Concernant les comptes extérieurs, le déficit commercial structurel se réduira grâce à l’augmentation substantielle des exportations avec le début de l’activité pétrolière. Alors que le pays reposait sur les secteurs agricole et minier pour soutenir sa balance courante, l’industrie pétrolière naissante sera la principale source de croissance des exportations en 2020. L’effet net sera cependant amoindri par des importations massives de biens d’équipement, nécessaires à l’extraction du pétrole. Les transferts de fonds de travailleurs expatriés (11,5 % du PIB en 2018) devraient continuer à augmenter. Les importations et les activités d’exploration étant financées par des entreprises étrangères, les IDE (6,5 % du PIB) augmenteront rapidement et financeront le déficit courant. La flexibilisation du taux de change demeure au programme des autorités monétaires, afin d’améliorer l’ajustement aux chocs exogènes.

 

Un climat politique sous tension

Le pays est dirigé depuis 2015 par le président David Granger, leader de la coalition multi-ethnique menée par deux partis, le APNU et le AFC. Son gouvernement a mené des réformes structurelles, afin d’améliorer l’environnement des affaires et de lutter contre la corruption, de sorte à maximiser les opportunités liées à l’exploitation pétrolière. Malgré cela, l’environnement des affaires demeure risqué, le pays étant classé 134e sur 190 au classement Doing Business 2020 de la Banque Mondiale. En décembre 2018, le Parlement a voté une motion de défiance à l’encontre du gouvernement qui, après une bataille judiciaire de plusieurs mois, a finalement été déclarée valide par la Cour caribéenne de justice (plus haute instance d’appel au Guyana) en juin 2019. Les prochaines élections, prévues en mars 2020, promettent d’être très disputées entre la coalition présidentielle et le PPP/C (parti historique qui avait occupé le pouvoir de 1992 à 2015).

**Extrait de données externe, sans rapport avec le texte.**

Lemma window_absorbs j t : stage j t -> exists g : fcar (M j) -> fcar (M t),
  @is_emb L (M j) (M t) g /\ forall u, (window t).1 (g u).
Proof.
move=> stage_j; have [_ _ absorb] := windowP (stage0 stage_j); apply: absorb.
exact: (proj1 (max_below_spec (P := stage^~ t) stage_j (proj2 stage_j))).
Qed.

(* Any finite family realises, by Łoś, its type in some factor M_j; pushing
   the family through the embeddings of M_j into the windows at the
   coordinates of stage j gives an image in the internal set of windows. *)
Lemma empty_map_extendable :
  @extendable L D M (fun t => (window t).1) (fun _ _ => False).
Proof.
move=> I w.
have [j [los_eq los_rel]] := filter_witness HD (los HD w).
pose ka (i : I) : seqprod L M := fun t =>
  match excluded_middle_informative (stage j t) with
  | left h => proj1_sig (constructive_indefinite_description _ (window_absorbs h)) (rep (w i) j)
  | right _ => dflt t end.
have ka_type t : stage j t ->
    (forall i i', ka i t = ka i' t <-> w i = w i') /\
    (forall s b, uprel L D M s (fun k => w (b k)) <-> frel (M t) s (fun k => ka (b k) t)).
  rewrite /ka; case: excluded_middle_informative => // h _.
  case: constructive_indefinite_description => g /= [[g_inj g_rel] _].
  by split=> [i i'|s b]; [rewrite los_eq; split=> [/g_inj|->] | rewrite los_rel; apply: g_rel].
have [ka_eq ka_rel] := los_realize HD (stage_large j) ka_type.
exists (fun i => upclass D (ka i)); split=> // i.
apply: (filterS HD (filterI HD (stage_large j) (uprep_upclass HD (ka i)))) => t [stage_t <-].
rewrite /ka; case: excluded_middle_informative => // h.
by case: constructive_indefinite_description => g /= [_ gW].
Qed.

Lemma internal_coloring_bounded (ch : CH) (finXA : finite_set _ XA)
  (c : (U -> Prop) -> 'I_k) (Z : nat -> Prop)
  (c_int : forall Y : U -> Prop, is_copy L N N XA Y -> forall j : 'I_k,
     c Y = j <-> D (fun t => [/\ Z t, sub_iso L (M t) N (coord_set L D M Y t) Y
                                & ct t (coord_set L D M Y t) = j])) :
  exists f : U -> U,
    (injective f /\ forall (s : sym L) (a : 'I_(ar L s) -> U),
                      uprel L D M s a <-> uprel L D M s (fun i => f (a i))) /\
    exists S : {set 'I_k}, #|S| <= l /\
      forall Y : U -> Prop, is_copy L N N XA Y ->
        subset_of _ Y (fun y => exists x, f x = y) -> c Y \in S.
Proof.
have [S0 DS0] := ultra_pigeonhole HD (fun t => (window t).2) (stage_large 0).
have [le le_omega1] := CH_omega1_order (@upcar_code_inj L D M) ch.
have [f [f_inj [f_rel f_int]]] := internal_self_embedding HD le_omega1 empty_map_extendable.
exists f; split=> //; exists S0; split.
  by have [t [stage_t <-]] := filter_witness HD DS0; have [] := windowP stage_t.
move=> Y Y_copy Y_img.
have Y_int a : Y a -> @internal_mem L D M (fun t => (window t).1) a.
  by move=> /Y_img [x <-]; apply: f_int.
have Y_windowD := finite_internal_coords HD (sub_iso_finite finXA Y_copy) Y_int.
have [t [[[stage_t S_t] Y_window] [_ Y_coord ct_Y]]] := filter_witness HD
  (filterI HD (filterI HD DS0 Y_windowD)
              (proj1 (c_int Y Y_copy (c Y)) erefl)).
have [_ S_col _] := windowP stage_t.
rewrite -ct_Y -S_t; apply: S_col => //.
exact: sub_iso_comp Y_copy (sub_iso_inv Y_coord).
Qed.

End RamseyTransfer.

(* The degenerate case of an empty ultraproduct: A is empty, a small Ramsey
   degree is at least 1 (colour the unique empty copy), and the identity
   embedding sees a single copy of A. *)
Lemma empty_ultraproduct_int_BRD (L : signature) (D : (nat -> Prop) -> Prop)
  (M : nat -> FStruct L) (XA : car (ultraproduct L D M) -> Prop) (l : nat) :
  (upcar L D M -> False) ->
  small_RD_prop L (ultraproduct L D M) XA l -> int_BRD_prop L D M XA l.
Proof.
move=> U_empty small_l.
have l_pos : 0 < l.
  pose Bv := FStructMk L void (fun s a => uprel L D M s (fun i => of_void _ (a i))).
  have Bv_age : in_age L (ultraproduct L D M) Bv.
    by exists (of_void (upcar L D M)); split; [case | ].
  have [C [[g [g_inj g_rel]] arrowC]] := small_l 1 Bv Bv_age.
  have [B' [_ [S [S_card S_col]]]] := arrowC (fun _ => ord0).
  have empty_copy : is_copy L C (ultraproduct L D M) XA (fun _ => False).
    exists (fun x => match U_empty (proj1_sig x) with end).
    split=> [x|x|//|s a]; try by case: (U_empty (proj1_sig x)).
    rewrite (g_rel s); have -> // : (fun i => g (match U_empty (proj1_sig (a i)) with end)) =
                                   (fun i => proj1_sig (a i)).
    by apply: functional_extensionality => i; case: (U_empty (proj1_sig (a i))).
  apply: leq_trans S_card; apply/card_gt0P; exists ord0.
  by apply: S_col empty_copy _ => ? [].
move=> k c _; exists id; split; first by split=> // s a.
exists [set c (fun _ => False)]; split; first by rewrite cards1.
move=> Y _ _; suff -> : Y = (fun _ => False) by rewrite set11.
by apply: functional_extensionality => u; case: (U_empty u).
Qed.

Lemma int_BRD_of_small_RD (L : signature) (D : (nat -> Prop) -> Prop)
  (M : nat -> FStruct L) (XA : car (ultraproduct L D M) -> Prop) (l : nat) :
  CH -> nonprincipal_ultrafilter D -> trending L D M -> finite_set _ XA ->
  small_RD_prop L (ultraproduct L D M) XA l -> int_BRD_prop L D M XA l.
Proof.
move=> ch HD Htr finXA small_l.
case: (classic (forall t, exists y : fcar (M t), True)) => [inhabited|not_inhabited].
- pose dflt t := proj1_sig (constructive_indefinite_description _ (inhabited t)).
  move=> k c [Z [_ [ct c_int]]].
  exact: (internal_coloring_bounded HD Htr dflt small_l ch finXA c_int).
- apply: empty_ultraproduct_int_BRD small_l => u.
  by have [t0 no_elt] := not_all_ex_not _ _ not_inhabited; apply: no_elt; exists (uprep L D M u t0).
Qed.

Theorem mainTheorem6 (L : signature) (D : (nat -> Prop) -> Prop)
  (M : nat -> FStruct L) (XA : car (ultraproduct L D M) -> Prop) :
  CH ->
  nonprincipal_ultrafilter D ->
  trending L D M ->
  finite_set _ XA ->
  finite_small_RD L (ultraproduct L D M) XA ->
  finite_int_BRD L D M XA /\
  (forall d T : nat,
      least (small_RD_prop L (ultraproduct L D M) XA) d ->
      least (int_BRD_prop L D M XA) T ->
      T <= d).
Proof.
move=> ch HD Htr finXA [l small_l]; split.
- by exists l; apply: int_BRD_of_small_RD.
- move=> d T [small_d _] [_ T_least]; apply: T_least.
  exact: int_BRD_of_small_RD small_d.
Qed.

En dépit d’une décision internationale fixant les frontières actuelles, Nicolas Maduro, le président vénézuélien, a affirmé en 2015 la souveraineté de son pays sur près des deux tiers du territoire et de la zone maritime du Guyana. Cela est intervenu après l’annonce de la découverte du gisement pétrolier au large des côtes du Guyana, situé dans la zone contestée, réveillant une controverse de plus d’un siècle. Une période de négociation avait été accordée aux deux pays par l’ONU (jusqu’à fin 2017), mais n’a pas permis de résoudre le conflit, qui devrait s’intensifier avec le début de la production pétrolière en 2020. L’affaire revient désormais à la Cour internationale de justice.